I have a table which collects raw data from server and stores in mysql. i want to move to hbase. i moved using sqoop from mysql to hbase.
my work is to write impala query for calculating percentile function(95th and 97th ).
I sqoop mysql to hbase . create external table in hive . one column which is of decimal (32,1) is having null values.
create external table nrd_app_spt.cap(hbid string,MATRIX_col string,MATRIX_VALUE_col double,COUNTRY_col string) stored by 'org.apache.hadoop.hive.hbase.HBaseStorageHandler' WITH SERDEPROPERTIES ("hbase.columns.mapping" = ":key,RAW:MATRIX,RAW:MATRIX_VAL,RAW:COUNTRY")TBLPROPERTIES("hbase.table.name" = "nrd_app_spt:capacity_new");
I have a raw data in MySQL table with 5 columns. hostname string, timestamp string,country string, collec string, matrixvalue decimal(32,1). I sqoop and moved to HBase.

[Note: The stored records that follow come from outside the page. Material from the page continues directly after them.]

(* For complex numbers $x_1,\dots,x_M$ and $y_1,\dots,y_N$ with $N>M$ (pairwise distinct within each family and $x_a\ne y_b$), one has $\mathcal A^\pm_{\{y\}}\!\left[E^\mp_{\{x\}}\right]=0$.
   Context: Let $\eta\in\mathbb C\setminus\{0\}$. For a family $\{x\}=\{x_1,\dots,x_M\}$ and $y\in\mathbb C$, $E^\pm_{\{x\}}(y)=\prod_{n=1}^M\frac{y-x_n\pm\eta}{y-x_n}$. With $V(y_1,\dots,y_N)=\prod_{1\le b<a\le N}(y_a-y_b)$, for pairwise distinct $y_a$ and a function $f$ defined there, $\mathcal A^\pm_{\{y\}}[f]=\det_{1\le a,b\le N}[y_a^{b-1}-f(y_a)(y_a\pm\eta)^{b-1}]/V(y_1,\dots,y_N)$. *)

From HB Require Import structures.
From mathcomp Require Import all_boot all_order all_algebra.
From mathcomp Require Import reals.
From mathcomp Require Export complex.
Set Implicit Arguments. Unset Strict Implicit. Unset Printing Implicit Defensive.
Import Order.TTheory GRing.Theory Num.Theory.
Local Open Scope ring_scope.
Local Open Scope complex_scope.

Definition pmsign {F : ringType} (s : bool) (eta : F) : F := if s then eta else - eta.

Definition Efun {F : fieldType} (s : bool) (eta : F) (M : nat) (x : 'I_M -> F) (y : F) : F :=
  \prod_(n < M) ((y - x n + pmsign s eta) / (y - x n)).

Definition Vand {F : fieldType} (N : nat) (y : 'I_N -> F) : F :=
  \prod_(a < N) \prod_(b < N | (b < a)%N) (y a - y b).

(* A^{pm}_{y}[f] = det[y_a^(b-1) - f(y_a) (y_a pm eta)^(b-1)] / V(y),
   with 0-based column index b (so exponent b corresponds to b-1 in 1-based). *)
Definition Aop {F : fieldType} (s : bool) (eta : F) (N : nat) (y : 'I_N -> F)
  (f : F -> F) : F :=
  \det (\matrix_(a < N, b < N) (y a ^+ b - f (y a) * (y a + pmsign s eta) ^+ b))
  / Vand y.

From HB Require Import structures.
From mathcomp Require Import all_boot all_order all_algebra.
From mathcomp Require Import reals complex.
Import Order.TTheory GRing.Theory Num.Theory.
Local Open Scope ring_scope.
Local Open Scope complex_scope.

(* With e := ±eta and P(z) := prod_n (z - x_n - e), one has
   E^∓(z) P(z + e) = P(z) at every z off the x_n.  Since deg P = M < N, the
   coefficient vector of P is a nonzero kernel vector of the matrix
   [y_a^b - E^∓(y_a) (y_a + e)^b], so its determinant vanishes. *)

Lemma pmsign_negb (F : nzRingType) (s : bool) (eta : F) :
  pmsign (~~ s) eta = - pmsign s eta.
Proof. by case: s; rewrite /= ?opprK. Qed.

Lemma det_pow_sub_eq0 (F : fieldType) (N : nat) (u v w : 'I_N -> F)
    (p : {poly F}) :
  p != 0 -> (size p <= N)%N -> (forall a, p.[u a] = v a * p.[w a]) ->
  \det (\matrix_(a < N, b < N) (u a ^+ b - v a * w a ^+ b)) = 0.
Proof.
move=> p_neq0 size_p p_eq; rewrite -det_tr; apply/eqP/det0P.
exists (\row_(b < N) p`_b).
  apply: contra p_neq0 => /eqP/rowP coef_p0; apply/eqP/polyP => i.
  rewrite coef0; have [iN | Ni] := ltnP i N.
    by have := coef_p0 (Ordinal iN); rewrite !mxE.
  exact: nth_default (leq_trans size_p Ni).
apply/rowP => a; rewrite !mxE.
under eq_bigr => b _ do rewrite !mxE mulrBr mulrCA.
by rewrite sumrB -mulr_sumr -!horner_coef_wide // p_eq subrr.
Qed.

Lemma horner_prod_shift_Efun (F : fieldType) (s : bool) (eta : F) (M : nat)
    (x : 'I_M -> F) (z : F) :
  (forall n, z != x n) ->
  let p := \prod_(n < M) ('X - (x n + pmsign s eta)%:P) in
  p.[z] = Efun (~~ s) eta x z * p.[z + pmsign s eta].
Proof.
move=> zx /=; rewrite !horner_prod /Efun -big_split /=.
apply: eq_bigr => n _; rewrite !hornerE pmsign_negb.
have zxn : z - x n != 0 by rewrite subr_eq0.
have -> : z + pmsign s eta - (x n + pmsign s eta) = z - x n.
  by rewrite opprD addrACA subrr addr0.
by rewrite divfK // opprD addrA.
Qed.

Lemma Aop_Efun_eq0 {F : fieldType} (s : bool) (eta : F) {M N : nat}
    {x : 'I_M -> F} {y : 'I_N -> F} :
  (M < N)%N -> (forall (m : 'I_M) (a : 'I_N), x m != y a) ->
  Aop s eta y (Efun (~~ s) eta x) = 0.
Proof.
move=> MN xy; rewrite /Aop.
set p := \prod_(n < M) ('X - (x n + pmsign s eta)%:P).
have size_p : size p = M.+1.
  by rewrite size_prod_XsubC /index_enum unlock /= -enumT size_enum_ord.
rewrite (@det_pow_sub_eq0 _ _ _ _ _ p) ?mul0r ?size_p //.
  by rewrite monic_neq0 // monic_prod_XsubC.
by move=> a; apply: horner_prod_shift_Efun => n; rewrite eq_sym.
Qed.

Theorem corollary2 (R : realType) (eta : R[i]) (M N : nat)
    (x : 'I_M -> R[i]) (y : 'I_N -> R[i]) :
  eta != 0 ->
  (M < N)%N ->
  injective x -> injective y ->
  (forall (m : 'I_M) (a : 'I_N), x m != y a) ->
  Aop true eta y (Efun false eta x) = 0 /\
  Aop false eta y (Efun true eta x) = 0.
Proof.
move=> _ MN _ _ xy.
by split; [have := Aop_Efun_eq0 true eta MN xy
          | have := Aop_Efun_eq0 false eta MN xy].
Qed.
(* There exist absolute constants $0<c\le C<\infty$ such that for all $d\in\mathbb N_+$ and all $1\le n\le 3^d$, $$c\,\psi(n)\le a_n(I_d: W_2^{\infty}(\mathbb T^d)\to L_2(\mathbb T^d))\le C\,\psi(n),\qquad \psi(n)=\begin{cases}1,&1\le n\le d,\\ \Big(\frac{\log(1+\frac{d}{\log n})}{\log n}\Big)^{1/2},& d\le n\le 3^d,\end{cases}$$ and $a_n(I_d: W_2^{\infty}(\mathbb T^d)\to L_2(\mathbb T^d))=0$ for $n>3^d$.
   Context: $\log$ is base 2. $\mathbb T^d$ carries the normalized Lebesgue measure and $\hat f({\bf k})$ are Fourier coefficients w.r.t. $e^{i{\bf k}\cdot{\bf x}}$. $W_2^\infty(\mathbb T^d)$ is the space of all $f\in\bigcap_{{\bf m}\in\mathbb N_+^d}W_2^{\bf m}(\mathbb T^d)$ with $\sup_{{\bf m}\in\mathbb N_+^d}\|f|W_2^{\bf m}(\mathbb T^d)\|<\infty$, normed by this supremum, where $\|f|W_2^{\bf m}(\mathbb T^d)\|=\big(\sum_{{\bf k}\in\mathbb Z^d}(1+\sum_j|k_j|^{2m_j})|\hat f({\bf k})|^2\big)^{1/2}$. Equivalently, $W_2^\infty(\mathbb T^d)$ consists of trigonometric polynomials $f=\sum_{{\bf k}\in\{-1,0,1\}^d}\hat f({\bf k})e^{i{\bf k}\cdot{\bf x}}$ with norm $\big(\sum_{{\bf k}\in\{-1,0,1\}^d}(1+\sum_{j=1}^d|k_j|)|\hat f({\bf k})|^2\big)^{1/2}$; it has dimension $3^d$. $I_d$ is the identity embedding; $a_n(T)=\inf\{\|T-A\|:\operatorname{rank}A<n\}$. *)

From Stdlib Require Import Reals List ZArith ClassicalEpsilon.
Import ListNotations.
Open Scope R_scope.

Definition Cx : Type := (R * R)%type.
Definition C0 : Cx := (0, 0).
Definition Cadd (z w : Cx) : Cx := (fst z + fst w, snd z + snd w).
Definition Csub (z w : Cx) : Cx := (fst z - fst w, snd z - snd w).
Definition Cmul (z w : Cx) : Cx :=
  (fst z * fst w - snd z * snd w, fst z * snd w + snd z * fst w).
Definition Cnorm2 (z : Cx) : R := fst z ^ 2 + snd z ^ 2.

Fixpoint Csum (n : nat) (f : nat -> Cx) : Cx :=
  match n with O => C0 | S m => Cadd (Csum m f) (f m) end.
Fixpoint Rsum (n : nat) (f : nat -> R) : R :=
  match n with O => 0 | S m => Rsum m f + f m end.

Definition is_lower_bound (E : R -> Prop) (m : R) : Prop := forall x, E x -> m <= x.
Definition is_glb (E : R -> Prop) (m : R) : Prop :=
  is_lower_bound E m /\ (forall b, is_lower_bound E b -> b <= m).

Definition Rsup (E : R -> Prop) : R :=
  match excluded_middle_informative (exists m, is_lub E m) with
  | left H => proj1_sig (constructive_indefinite_description _ H)
  | right _ => 0
  end.
Definition Rinf (E : R -> Prop) : R :=
  match excluded_middle_informative (exists m, is_glb E m) with
  | left H => proj1_sig (constructive_indefinite_description _ H)
  | right _ => 0
  end.

Fixpoint cube (d : nat) : list (list Z) :=
  match d with
  | O => [[]]
  | S m => flat_map (fun k => map (fun e => e :: k) [(-1)%Z; 0%Z; 1%Z]) (cube m)
  end.
Definition dimW (d : nat) : nat := (3 ^ d)%nat.
Definition freq (d j : nat) : list Z := nth j (cube d) [].
(* weight 1 + sum_j |k_j|  (for k in {-1,0,1}^d, |k_j|^{2m_j} = |k_j|) *)
Definition weight (k : list Z) : R := 1 + IZR (fold_right Z.add 0%Z (map Z.abs k)).

(* An element f of W_2^infty(T^d) is given by its Fourier coefficients
   f j = \hat f (freq d j), j < 3^d. *)
Definition W_norm (d : nat) (f : nat -> Cx) : R :=
  sqrt (Rsum (dimW d) (fun j => weight (freq d j) * Cnorm2 (f j))).
(* L_2(T^d)-norm (normalized measure, Parseval) of a trig. polynomial
   with spectrum in {-1,0,1}^d *)
Definition L2_norm (d : nat) (g : nat -> Cx) : R :=
  sqrt (Rsum (dimW d) (fun j => Cnorm2 (g j))).

(* Linear operators on the (3^d-dimensional) space of trigonometric
   polynomials with spectrum in {-1,0,1}^d, as complex matrices in the
   Fourier basis. *)
Definition mat : Type := nat -> nat -> Cx.
Definition apply (d : nat) (A : mat) (f : nat -> Cx) : nat -> Cx :=
  fun i => Csum (dimW d) (fun j => Cmul (A i j) (f j)).

(* rank A < n  (n >= 1): A factors through C^(n-1) *)
Definition rank_lt (d : nat) (A : mat) (n : nat) : Prop :=
  (1 <= n)%nat /\
  exists B D : mat, forall i j, (i < dimW d)%nat -> (j < dimW d)%nat ->
    A i j = Csum (n - 1) (fun l => Cmul (B i l) (D l j)).

Definition opnorm_I_minus (d : nat) (A : mat) : R :=
  Rsup (fun y => exists f : nat -> Cx, W_norm d f <= 1 /\
          y = L2_norm d (fun i => Csub (f i) (apply d A f i))).

Definition approx_number (d n : nat) : R :=
  Rinf (fun y => exists A : mat, rank_lt d A n /\ y = opnorm_I_minus d A).

Definition log2 (x : R) : R := ln x / ln 2.

Definition psi (d n : nat) : R :=
  if (n <=? d)%nat then 1
  else sqrt (log2 (1 + INR d / log2 (INR n)) / log2 (INR n)).

(** The embedding is diagonal in the Fourier basis, the frequency [k] being scaled by
    [weight k ^ (-1/2)] with [weight k = 1 + |k|_1].  Let [F(d,s)] be the number of points
    of [{-1,0,1}^d] in the l1-ball of radius [s].  If [F(d,s) < n], the projection onto
    these frequencies has rank [< n] and error [(s + 2) ^ (-1/2)]; if [n <= F(d,s)], every
    operator of rank [< n] annihilates some nonzero [f] spanned by [n] of them, whose error
    is at least [(s + 1) ^ (-1/2)].  So [a_n] is [s ^ (-1/2)] up to constants, for the
    least [s] with [n <= F(d,s)].  The estimates
    [(1 + d/s) ^ s <= F(d,s) <= x ^ (-s) (1 + 2x) ^ d] (for [0 < x <= 1], taken [x = s/d])
    locate this [s] within constant factors of [ln n / ln (1 + d / log n) = psi d n ^ (-2)]. *)

From Pilot Require Import Defs.
From Stdlib Require Import Reals Lra Lia List ZArith Bool Classical ClassicalEpsilon.
From Coquelicot Require Import Complex.
Import ListNotations.
Open Scope R_scope.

Doubt 1: which column is to set row key in hbase.?all column values are not unique. same hostname same date and time same country same collec i will get a matrix value. so there is no uniqueness. so i kept hostname and timestamp as row key.
Is that a good approach?
any other suggestion?
If i want to write a query then 2 columns will be as row key how to do it ?
Fetching null values for decimal (32,1)
I need to calculate percentile (95 and 97 ) for this column of data type decimal(32,1). is that possible in impala or hive? percentile function for all rows .
any udf function need to write or any built in function available?